### Records shown ###

Lemma power_sum_rep_lsupport F x :
  torus x -> mult_indep x -> lsupport F != [::] ->
  power_sum_rep (fun n => leval F (gpow x n))
    [seq (lcoef F e, monomial x e) | e <- lsupport F].
Proof.
move=> tx indep suppF; split.
- by rewrite size_map lt0n size_eq0.
- by apply/allP => _ /mapP[e eF ->]; apply: lcoef_lsupport.
- by apply/allP => _ /mapP[e _ ->]; apply: monomial_neq0.
- by rewrite -map_comp (map_inj_uniq (monomial_inj tx indep)) lsupport_uniq.
- move=> n; rewrite leval_lsupport big_map.
  by apply: eq_bigr => e _; rewrite monomial_gpow.
Qed.

End Support.

Lemma infinite_set_inj (T : Type) (S : set T) (f : nat -> T) :
  injective f -> range f `<=` S -> infinite_set S.
Proof.
move=> f_inj fS /(sub_finite_set fS).
move/(finite_preimage (fun m n _ _ => f_inj m n)).
suff -> : f @^-1` range f = setT by apply: infinite_nat.
by apply/seteqP; split => // n _; exists n.
Qed.

Section Stabilizer.
Variables (C : fieldType) (d : nat).
Implicit Types (F : laurent C d) (t x : 'I_d -> C).

Lemma torus_tmul x y : torus x -> torus y -> torus (tmul x y).
Proof. by move=> tx ty i; rewrite mulf_neq0. Qed.

Lemma stabilizer_lzero_scale F t lam : torus t -> lam != 0 ->
  (forall x, torus x -> leval F (tmul t x) = lam * leval F x) ->
  stabilizer (lzero F) t.
Proof.
move=> tt lam_neq0 Ft; split=> //.
pose t' i := (t i)^-1; have tt' : torus t' by move=> i; rewrite invr_eq0.
have tt'x x : tmul t (tmul t' x) = x.
  by apply: funext => i; rewrite /tmul mulrA mulfV ?mul1r.
apply/seteqP; split => [_ [y [ty Fy] <-] | x [tx Fx]].
  by split; [apply: torus_tmul | rewrite Ft // Fy mulr0].
have tt'x_torus : torus (tmul t' x) by apply: torus_tmul.
exists (tmul t' x) => //; split => //.
have := Ft _ tt'x_torus; rewrite tt'x Fx => /esym/eqP.
by rewrite mulf_eq0 (negbTE lam_neq0) => /eqP.
Qed.

End Stabilizer.

Lemma rV_neq0P (R : zmodType) n (v : 'rV[R]_n) : v != 0 -> exists i, v 0 i != 0.
Proof.
move=> v_neq0; apply/existsP; apply: contraNT v_neq0 => /existsPn v0.
by apply/eqP/rowP => i; rewrite mxE; move/negPn/eqP: (v0 i).
Qed.

Lemma prod_exprz (R : fieldType) (I : Type) (r : seq I) (P : pred I) (a : R)
    (F : I -> int) :
  a != 0 -> \prod_(i <- r | P i) a ^ F i = a ^ (\sum_(i <- r | P i) F i).
Proof.
move=> a_neq0.
by rewrite (big_morph _ (fun m n => expfzDr m n a_neq0) (expr0z a)).
Qed.

Lemma exprz2_inj (C : numFieldType) : injective (exprz (2 : C)).
Proof.
move=> a b; rewrite -(ratr_nat C 2) -!rmorphXz ?unitfE // => /fmorph_inj.
exact: ieexprIz.
Qed.

Section InfiniteStabilizer.
Variables (C : numFieldType) (d : nat).

Lemma stabilizer_infinite_homogeneous (F : laurent C d) (v : 'rV[int]_d)
    (c : 'M[int]_1) :
  v != 0 -> (forall e, e \in lsupport F -> e *m v^T = c) ->
  infinite_set (stabilizer (lzero F)).
Proof.
move=> /rV_neq0P[i0 vi0] Fv.
have two_neq0 : (2 : C) != 0 by rewrite pnatr_eq0.
(* [t k] multiplies every monomial of [v]-weight [c] by [2 ^ (k c)]. *)
pose t (k : nat) i : C := 2 ^ (k%:Z * v 0 i).
have t_torus k : torus (t k) by move=> i; rewrite expfz_neq0.
have monomial_t k e : monomial (t k) e = 2 ^ (k%:Z * (e *m v^T) 0 0).
  rewrite /monomial mxE mulr_sumr -prod_exprz //; apply: eq_bigr => i _.
  by rewrite exprz_exp mxE [e 0 i * _]mulrC mulrA.
apply: (@infinite_set_inj _ _ t) => [k k' /(congr1 (fun x => x i0))|_ [k _ <-]].
  by move/exprz2_inj/(mulIf vi0) => -[].
apply: (stabilizer_lzero_scale (t_torus k) (expfz_neq0 (k%:Z * c 0 0) two_neq0)).
move=> x tx; rewrite !leval_lsupport mulr_sumr; apply: eq_big_seq => e eF.
by rewrite monomial_tmul monomial_t Fv // mulrCA.
Qed.

End InfiniteStabilizer.

Theorem lemma5p2 (R : realType) (d : nat) (g : 'I_d -> R[i]) (F : laurent R[i] d) :
  (0 < d)%N ->
  (forall i, g i != 0) ->
  mult_indep g ->
  zirreducible (lzero F) ->
  finite_set (stabilizer (lzero F)) ->
  exists rep : seq (R[i] * R[i]),
    power_sum_rep (fun n => leval F (gpow g n)) rep /\
    finite_index (gen_group_seq (map snd rep)) (gen_group g).
Proof.
move=> d_gt0 tg g_indep _ stab_fin.
set E := lsupport F.
have [E_nil | E_neq_nil] := eqVneq E [::].
  (* [F] vanishes identically, so it is homogeneous for every weight. *)
  have one_neq0 : const_mx 1 != 0 :> 'rV[int]_d.
    by apply/eqP => /rowP/(_ (Ordinal d_gt0)); rewrite !mxE.
  exfalso; apply: (stabilizer_infinite_homogeneous (c := 0) one_neq0 _ stab_fin).
  by move=> e; rewrite -/E E_nil.
have E0 : E`_0 \in E by rewrite mem_nth // lt0n size_eq0.
have [[v v_neq0 Dv] | [N N_gt0 DN]] :=
  int_span_full_or_orthogonal [seq e - E`_0 | e <- E].
  exfalso; apply: (stabilizer_infinite_homogeneous (c := E`_0 *m v^T) v_neq0
    _ stab_fin) => e eE.
  by apply/eqP; rewrite -subr_eq0 -mulmxBl Dv //; apply: map_f.
exists [seq (lcoef F e, monomial g e) | e <- E].
split; first exact: power_sum_rep_lsupport.
rewrite -map_comp gen_group_seq_monomial // gen_groupE.
apply: (finite_index_monomial tg N_gt0) => w.
apply: int_span_subset (DN w) => _ /mapP[e eE ->].
by apply: int_spanB; apply: int_span_mem.
Qed.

###

Exercise details →
Transcribe only the trailing portion of the entries above: the line that contains "by move=> e; rewrite -/E E_nil." and each line after it.

Answer box →
  by move=> e; rewrite -/E E_nil.
have E0 : E`_0 \in E by rewrite mem_nth // lt0n size_eq0.
have [[v v_neq0 Dv] | [N N_gt0 DN]] :=
  int_span_full_or_orthogonal [seq e - E`_0 | e <- E].
  exfalso; apply: (stabilizer_infinite_homogeneous (c := E`_0 *m v^T) v_neq0
    _ stab_fin) => e eE.
  by apply/eqP; rewrite -subr_eq0 -mulmxBl Dv //; apply: map_f.
exists [seq (lcoef F e, monomial g e) | e <- E].
split; first exact: power_sum_rep_lsupport.
rewrite -map_comp gen_group_seq_monomial // gen_groupE.
apply: (finite_index_monomial tg N_gt0) => w.
apply: int_span_subset (DN w) => _ /mapP[e eE ->].
by apply: int_spanB; apply: int_span_mem.
Qed.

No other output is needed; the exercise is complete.